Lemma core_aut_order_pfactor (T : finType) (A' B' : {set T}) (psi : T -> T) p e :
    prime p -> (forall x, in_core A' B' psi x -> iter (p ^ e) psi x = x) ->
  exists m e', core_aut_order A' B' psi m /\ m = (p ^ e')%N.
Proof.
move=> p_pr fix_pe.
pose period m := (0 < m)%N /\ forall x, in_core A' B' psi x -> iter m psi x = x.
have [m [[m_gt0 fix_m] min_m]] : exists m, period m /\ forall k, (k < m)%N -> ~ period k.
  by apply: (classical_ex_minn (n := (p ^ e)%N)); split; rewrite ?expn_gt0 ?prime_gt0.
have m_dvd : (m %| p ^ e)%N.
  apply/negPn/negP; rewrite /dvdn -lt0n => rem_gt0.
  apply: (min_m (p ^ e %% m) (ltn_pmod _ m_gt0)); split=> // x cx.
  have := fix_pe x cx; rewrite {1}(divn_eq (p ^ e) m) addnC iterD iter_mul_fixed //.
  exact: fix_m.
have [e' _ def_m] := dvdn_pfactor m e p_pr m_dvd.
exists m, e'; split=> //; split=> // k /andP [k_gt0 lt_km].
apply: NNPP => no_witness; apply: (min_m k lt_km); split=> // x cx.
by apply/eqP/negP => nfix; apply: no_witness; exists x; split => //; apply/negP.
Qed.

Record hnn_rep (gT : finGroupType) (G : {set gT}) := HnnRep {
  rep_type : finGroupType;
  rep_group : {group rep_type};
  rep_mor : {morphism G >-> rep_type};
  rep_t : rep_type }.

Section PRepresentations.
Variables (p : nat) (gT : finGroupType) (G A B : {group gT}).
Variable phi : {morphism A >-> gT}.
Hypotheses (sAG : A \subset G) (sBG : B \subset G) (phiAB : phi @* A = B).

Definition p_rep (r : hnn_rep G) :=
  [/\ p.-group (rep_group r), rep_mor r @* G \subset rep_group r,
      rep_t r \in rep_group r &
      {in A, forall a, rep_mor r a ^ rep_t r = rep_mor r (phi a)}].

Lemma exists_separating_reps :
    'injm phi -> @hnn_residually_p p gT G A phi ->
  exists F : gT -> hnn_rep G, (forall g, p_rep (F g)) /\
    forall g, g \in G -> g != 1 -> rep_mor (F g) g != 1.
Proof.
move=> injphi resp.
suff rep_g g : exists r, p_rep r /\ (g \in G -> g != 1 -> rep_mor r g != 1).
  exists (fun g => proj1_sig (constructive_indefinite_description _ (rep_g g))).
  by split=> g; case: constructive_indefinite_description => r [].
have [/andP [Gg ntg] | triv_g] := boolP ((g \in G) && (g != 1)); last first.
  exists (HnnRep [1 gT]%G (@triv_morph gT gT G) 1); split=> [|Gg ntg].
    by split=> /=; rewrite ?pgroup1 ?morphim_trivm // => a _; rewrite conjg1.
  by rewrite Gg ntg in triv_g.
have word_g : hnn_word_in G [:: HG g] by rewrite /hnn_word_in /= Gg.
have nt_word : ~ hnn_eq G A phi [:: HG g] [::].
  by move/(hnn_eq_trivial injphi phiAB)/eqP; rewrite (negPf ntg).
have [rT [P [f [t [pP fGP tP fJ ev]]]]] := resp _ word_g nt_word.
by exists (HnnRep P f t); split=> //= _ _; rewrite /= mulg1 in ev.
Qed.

> Task description
Find "have nt_word : ~" in the records. Copy its line and every line after it, exactly, through the last one.

> Result below
have nt_word : ~ hnn_eq G A phi [:: HG g] [::].
  by move/(hnn_eq_trivial injphi phiAB)/eqP; rewrite (negPf ntg).
have [rT [P [f [t [pP fGP tP fJ ev]]]]] := resp _ word_g nt_word.
by exists (HnnRep P f t); split=> //= _ _; rewrite /= mulg1 in ev.
Qed.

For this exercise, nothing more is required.